- _Goal of the exercise_:
Write out each line of the entries below that holds the word "Import".
*** Data to examine Section Begins ***
(* Fix $N\ge1$ and let $\mathit{PIPE}$ be the buffer of capacity $N+2$ defined below. Then $\mathit{PIPE}$ has no catastrophic cycle, its asymptotic performance is $2$, and for every $n\ge1$, $rp_{\mathit{PIPE}}(n)=2n+(N+1)$.
   Context: PAFAS setting. Let $\mathcal A$ be an infinite set of visible actions containing a distinguished success action $\omega$, the actions $in,out$, and all further action names used below (all pairwise distinct); $\tau\notin\mathcal A$ is the internal action and $\mathcal A_\tau=\mathcal A\cup\{\tau\}$. For every $\alpha\in\mathcal A_\tau$ there is an urgent version $\underline{\alpha}$. A general relabelling function is a map $\Phi:\mathcal A_\tau\to\mathcal A_\tau$ with $\Phi(\tau)=\tau$ such that $\{\alpha\mid \emptyset\neq\Phi^{-1}(\alpha)\neq\{\alpha\}\}$ is finite. Processes are the closed terms, guarded (every variable $x$ in $\mu x.P$ occurs only within the scope of some prefix), of the grammar $P::=\mathbf 0\mid \gamma.P\mid P+P\mid P\|_A P\mid P[\Phi]\mid x\mid \mu x.P$, where $\gamma\in\{\alpha,\underline\alpha\}$ for some $\alpha\in\mathcal A_\tau$, $A\subseteq\mathcal A$, $\Phi$ a general relabelling function; systems of defining equations $X\equiv\ldots$ abbreviate recursive $\mu$-terms, and a trailing $\mathbf 0$ may be omitted. There are action transitions $P\xrightarrow{\alpha}P'$ ($\alpha\in\mathcal A_\tau$) and time steps $P\xrightarrow{X}P'$ ($X\subseteq\mathcal A$), defined as the least relations closed under the rules: (1) $\alpha.P\xrightarrow{\alpha}P$ and $\underline\alpha.P\xrightarrow{\alpha}P$; (2) if $P_1\xrightarrow{\alpha}P_1'$ then $P_1+P_2\xrightarrow{\alpha}P_1'$ and $P_2+P_1\xrightarrow{\alpha}P_1'$; (3) if $\alpha\notin A$ and $P_1\xrightarrow{\alpha}P_1'$ then $P_1\|_AP_2\xrightarrow{\alpha}P_1'\|_AP_2$ and $P_2\|_AP_1\xrightarrow{\alpha}P_2\|_AP_1'$; (4) if $\alpha\in A$, $P_1\xrightarrow{\alpha}P_1'$, $P_2\xrightarrow{\alpha}P_2'$ then $P_1\|_AP_2\xrightarrow{\alpha}P_1'\|_AP_2'$; (5) if $P\xrightarrow{\alpha}P'$ then $P[\Phi]\xrightarrow{\Phi(\alpha)}P'[\Phi]$; (6) if $P\{\mu x.P/x\}\xrightarrow{\alpha}P'$ then $\mu x.P\xrightarrow{\alpha}P'$; (7) $\mathbf 0\xrightarrow{X}\mathbf 0$; (8) $\alpha.P\xrightarrow{X}\underline\alpha.P$; (9) if $\alpha\notin X\cup\{\tau\}$ then $\underline\alpha.P\xrightarrow{X}\underline\alpha.P$; (10) if $P_i\xrightarrow{X_i}P_i'$ for $i=1,2$ and $X\subseteq (A\cap(X_1\cup X_2))\cup((X_1\cap X_2)\setminus A)$ then $P_1\|_AP_2\xrightarrow{X}P_1'\|_AP_2'$; (11) if $P_1\xrightarrow{X}P_1'$ and $P_2\xrightarrow{X}P_2'$ then $P_1+P_2\xrightarrow{X}P_1'+P_2'$; (12) if $P\xrightarrow{\Phi^{-1}(X\cup\{\tau\})\setminus\{\tau\}}P'$ then $P[\Phi]\xrightarrow{X}P'[\Phi]$; (13) if $P\{\mu x.P/x\}\xrightarrow{X}P'$ then $\mu x.P\xrightarrow{X}P'\{\mu x.P/x\}$. A full time step is a time step with $X=\mathcal A$, written $\xrightarrow{1}$. $P\|Q$ abbreviates $P\|_{\mathcal A\setminus\{\omega\}}Q$, and for $B\subseteq\mathcal A$, $P/B$ denotes $P[\Phi_B]$ with $\Phi_B(\alpha)=\tau$ for $\alpha\in B$ and $\Phi_B(\alpha)=\alpha$ otherwise. The set $\mathrm{DL}(P)$ of discrete traces consists of all sequences obtained from a sequence $w\in(\mathcal A_\tau\cup\{1\})^*$ of consecutive action transitions and full time steps starting at $P$ by deleting all $\tau$'s; for such a $v$, $\zeta(v)$ is the number of occurrences of $1$ in $v$. Users: $U_1\equiv\underline{in}.\underline{out}.\underline{\omega}$ and $U_n\equiv U_{n-1}\|_{\{\omega\}}\underline{in}.\underline{out}.\underline{\omega}$ for $n>1$. The response performance of $P$ is $rp_P(n)=\sup\{\zeta(v)\mid v\in\mathrm{DL}(P\|U_n),\ \omega\text{ does not occur in }v\}\in\mathbb N_0\cup\{\infty\}$ for $n\ge1$. A catastrophic cycle of $P$ is a cycle, in the transition graph of processes reachable from $P$ (restricted to transitions that can participate in a full time step when $P$ runs in parallel with some $U_n$), that contains at least one time step but no $in$ and no $out$ transition; the asymptotic performance is the constant $a$ with $rp_P(n)=an+\Theta(1)$. Definition of PIPE: let $C\equiv in.C'$, $C'\equiv out.C$. For $i=0,\dots,N+1$ let $C_i\equiv C[\Phi_i]$ where $\Phi_i(in)=\delta_i$ if $0\le i\le N$, $\Phi_i(out)=\delta_{i-1}$ if $1\le i\le N+1$, and $\Phi_i(\alpha)=\alpha$ otherwise ($\delta_0,\dots,\delta_N$ are fresh visible actions). With $A=\{\delta_0,\dots,\delta_N\}$, $\mathit{PIPE}\equiv\big(\cdots((C_0\|_{\{\delta_0\}}C_1)\|_{\{\delta_1\}}C_2)\cdots\|_{\{\delta_N\}}C_{N+1}\big)/A$. *)

From Stdlib Require Import List Arith Lia QArith Qabs.
Import ListNotations.
Open Scope nat_scope.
*** Data to examine Section Ends ***
- _Final answer_:
From Stdlib Require Import List Arith Lia QArith Qabs.
Import ListNotations.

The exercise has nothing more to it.